The impact on Chemistry's IT of about 40 minutes of unexpected power outage.
Summary
- Parts of this power outage went fairly well. Some less so.
- Cluster head nodes and compute nodes & drives seem to be in good shape.
Things we know failed:
248 Baker
Topic or event | Action taken | Action required | Notes |
---|---|---|---|
ChemIT UPS in cluster rack died. Would not turn on. | Moved Widom HeadNode to Loring UPS Moved C4 to Loring UPS Removed ChemIT UPS and plugged in to charge, just in case. | ||
ChemIT UPS for Windows servers – limited battery power, Hyper-V machines were not able to shut down gracefully. | Even after 24 hours charging, Synology shows it with only 672 seconds of battery life.
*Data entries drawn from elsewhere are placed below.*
Lemma measurable_preimage_snd (A : set R) :
  measurable A -> measurable [set p : R * R | A p.2].
Proof.
by move=> mA; have := @measurable_snd _ _ R R measurableT _ mA; rewrite setTI.
Qed.

Lemma integral_indic_mul (D : set R) (f : R -> \bar R) :
  (\int[mu]_(x in D) f x = \int[mu]_x ((\1_D x)%:E * f x))%E.
Proof.
rewrite integral_mkcond; apply: eq_integral => x _.
by rewrite patchE indicE; case: ifP => _; rewrite ?mul1e ?mul0e.
Qed.

Lemma Rintegral01_indic (u : set R) (h : R -> \bar R) (c : R) :
  measurable u -> u `<=` `[0, 1]%classic -> measurable_fun setT h ->
  (forall x, 0 <= h x)%E -> (forall x, h x \is a fin_num) -> 0 <= c ->
  (\int[mu]_(x in u) h x)%E \is a fin_num ->
  Rintegral mu `[0, 1]%classic (fun x => (x \in u)%:R * (c * fine (h x))) =
  c * fine (\int[mu]_(x in u) h x)%E.
Proof.
move=> mu_ u01 mh h0 hfin c0 Ifin.
rewrite /Rintegral -[c in RHS]/(fine c%:E) -fineM //; congr fine.
have mhu : measurable_fun setT (fun x => ((\1_u x)%:E * h x)%E).
  by apply: emeasurable_funM => //; apply/measurable_EFinP; exact: measurable_indic.
have hu0 x : (0 <= (\1_u x)%:E * h x)%E by apply: mule_ge0; rewrite ?lee_fin ?indicE.
rewrite [LHS]integral_indic_mul [in RHS]integral_indic_mul -ge0_integralZl ?lee_fin //.
apply: eq_integral => x _; rewrite !indicE.
have [xu|xu] := boolP (x \in u); last by rewrite /= !mul0r mul0e !mule0.
have x01 : x \in `[0, 1]%classic by apply/mem_set/u01/set_mem.
by rewrite x01 /= !mul1e mul1r EFinM fineK.
Qed.
(* Let $(T,\preceq,\Sigma,\mathcal S,\mathcal M)$ be an $(\mathcal S,\mathcal M)$-tree, $n\in\omega$, $f\in\mathcal{AM}$ with domain $T(\le n)$, and $m\in\omega$ such that either $n=0$ and $0\le m\le\tilde f(0)$, or $n>0$ and $\tilde f(n-1)<m\le\tilde f(n)$. Define $f|_m\colon T(\le n)\to T$ by $f|_m(a)=f(a)|_m$ for $a\in T(n)$ and $f|_m(a)=f(a)$ for $a\in T(<n)$. Then $f|_m\in\mathcal{AM}$, and there exists $g\in\mathcal{AM}^m_1$ such that $g\circ f|_m=f$.
   Context: A tree is a partially ordered set $(T,\preceq)$ such that for every $a\in T$ the set $\{b\in T:b\prec a\}$ is finite and linearly ordered by $\preceq$. The level of $a$ is $\ell(a)=|\{b\in T:b\prec a\}|$; $T(n)=\{a\in T:\ell(a)=n\}$, and $T(\le n)$, $T(<n)$ are defined analogously. For $a\in T$ and $n\le \ell(a)$, $a|_n$ denotes the unique predecessor of $a$ at level $n$ (with $a|_{\ell(a)}=a$). A node $b$ is an immediate successor of $a$ if $a\prec b$ and there is no $c$ with $a\prec c\prec b$. An $\mathcal S$-tree is a quadruple $(T,\preceq,\Sigma,\mathcal S)$ where $(T,\preceq)$ is a countable tree in which every node has finitely many immediate successors and $T(0)$ is finite, $\Sigma$ is a set, and $\mathcal S\colon T\times T^{<\omega}\times\Sigma\to T$ is a partial function such that: (S1) if $\mathcal S(a,\bar p,c)$ is defined then it is an immediate successor of $a$ and every entry of $\bar p$ has level at most $\ell(a)-1$; (S2) if $\mathcal S(a,\bar p,c)=\mathcal S(b,\bar q,d)$ then $a=b$, $\bar p=\bar q$ and $c=d$; (S3) for every $a\in T$ and every immediate successor $b$ of $a$ there are $\bar p\in T^{<\omega}$ and $c\in\Sigma$ with $b=\mathcal S(a,\bar p,c)$. For $S\subseteq T$, a map $f\colon S\to T$ is level-preserving if $\ell(a)=\ell(b)$ implies $\ell(f(a))=\ell(f(b))$; then $\tilde f(n)$ denotes $\ell(f(a))$ for any $a\in S$ with $\ell(a)=n$. An injection $F\colon T\to T$ is shape-preserving if (i) it is level-preserving; (ii) whenever $\mathcal S(a,\bar p,c)$ is defined, $\mathcal S(F(a),F(\bar p),c)$ is defined and $\mathcal S(F(a),F(\bar p),c)\preceq F(\mathcal S(a,\bar p,c))$, where $F(\bar p)$ is the tuple of images of the entries of $\bar p$; (iii) for every $a\in T(0)$ and $b\in T$ with $a\preceq b$ we have $a\preceq F(b)$. A shape-preserving $F$ skips level $m$ if $m\notin\tilde F[\omega]$, and skips only level $m$ if $\tilde F[\omega]=\omega\setminus\{m\}$. An $(\mathcal S,\mathcal M)$-tree is a quintuple $(T,\preceq,\Sigma,\mathcal S,\mathcal M)$ where $(T,\preceq,\Sigma,\mathcal S)$ is an $\mathcal S$-tree and $\mathcal M$ is a set of shape-preserving functions $T\to T$ such that: (M1) $\mathrm{Id}_T\in\mathcal M$, $\mathcal M$ is closed under composition, and whenever $(F_i)_{i\in\omega}$ is a sequence in $\mathcal M$ with $F_i\restriction T(\le i)=F_{i+1}\restriction T(\le i)$ for all $i$, there is $F_\infty\in\mathcal M$ with $F_\infty\restriction T(\le i)=F_i\restriction T(\le i)$ for all $i$; (M2) for every $n\in\omega$ and every $F\in\mathcal M$ with $\tilde F(n)>0$ which skips level $\tilde F(n)-1$, there are $F_1,F_2\in\mathcal M$ such that $F_2$ skips only level $\tilde F(n)-1$ and $(F_2\circ F_1)\restriction T(\le n)=F\restriction T(\le n)$; (M3) for all $n<m$ in $\omega$ there is $F^n_m\in\mathcal M$ skipping only level $m$ such that $F^n_m(b)=\mathcal S(b,\bar p,c)$ whenever $a\in T(n)$, $b\in T(m)$, $\bar p\in T^{<\omega}$, $c\in\Sigma$, $\mathcal S(a,\bar p,c)$ is defined and $\mathcal S(a,\bar p,c)\preceq b$. Notation: $\mathcal M^n=\{F\in\mathcal M: F\restriction T(<n)\text{ is the identity}\}$; $\mathcal{AM}=\{F\restriction T(<k): F\in\mathcal M,\ k>0\}$; $\mathcal{AM}^n_k=\{F\restriction T(<n+k):F\in\mathcal M^n\}$ (so elements of $\mathcal{AM}^m_1$ have domain $T(\le m)$ and are the identity on $T(<m)$). *)

From Stdlib Require Import List Arith Lia ClassicalEpsilon.
Import ListNotations.
Set Implicit Arguments.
Probably not even that | Needs battery or replacement | |
Mathematica license server did not start after restart. | Restarted manually. (common issue) | ||
NMR Web server didn't start up right. | Needed to be kicked a bit to start. | This Gateway needs to go. | |
NMR Router puked | Reprogrammed passwords and forwarding for SSH & RDP. | Needs external administration access configured. |
Other
Topic or event | Action taken | Action required | Notes |
---|---|---|---|
Lee - Steven Lee's SGI had several problems, boot, date, etc. | Lulu wrestled with re-setting (hardware) time. | Advise get UPS? If so, how automate shut-down if no monitor powered? | INC000001652417 |
Marohn - B19 PSB's AS-CHM-Maro-03 RAID-1 had a drive fail. | Oliver tested OK, wiped and re-added to RAID | INC000001652216 | |
Fors - Fors instrument came up and started working. Were both the computer and the instrument previously rebooted? | Roger asked group about reboot history of instrument. | Awaiting group's response (Dillon) on reboot history of instrument | INC000001645245 |
Petersen - His group's UPS died. | Roger got him a quote. | INC000001653506 |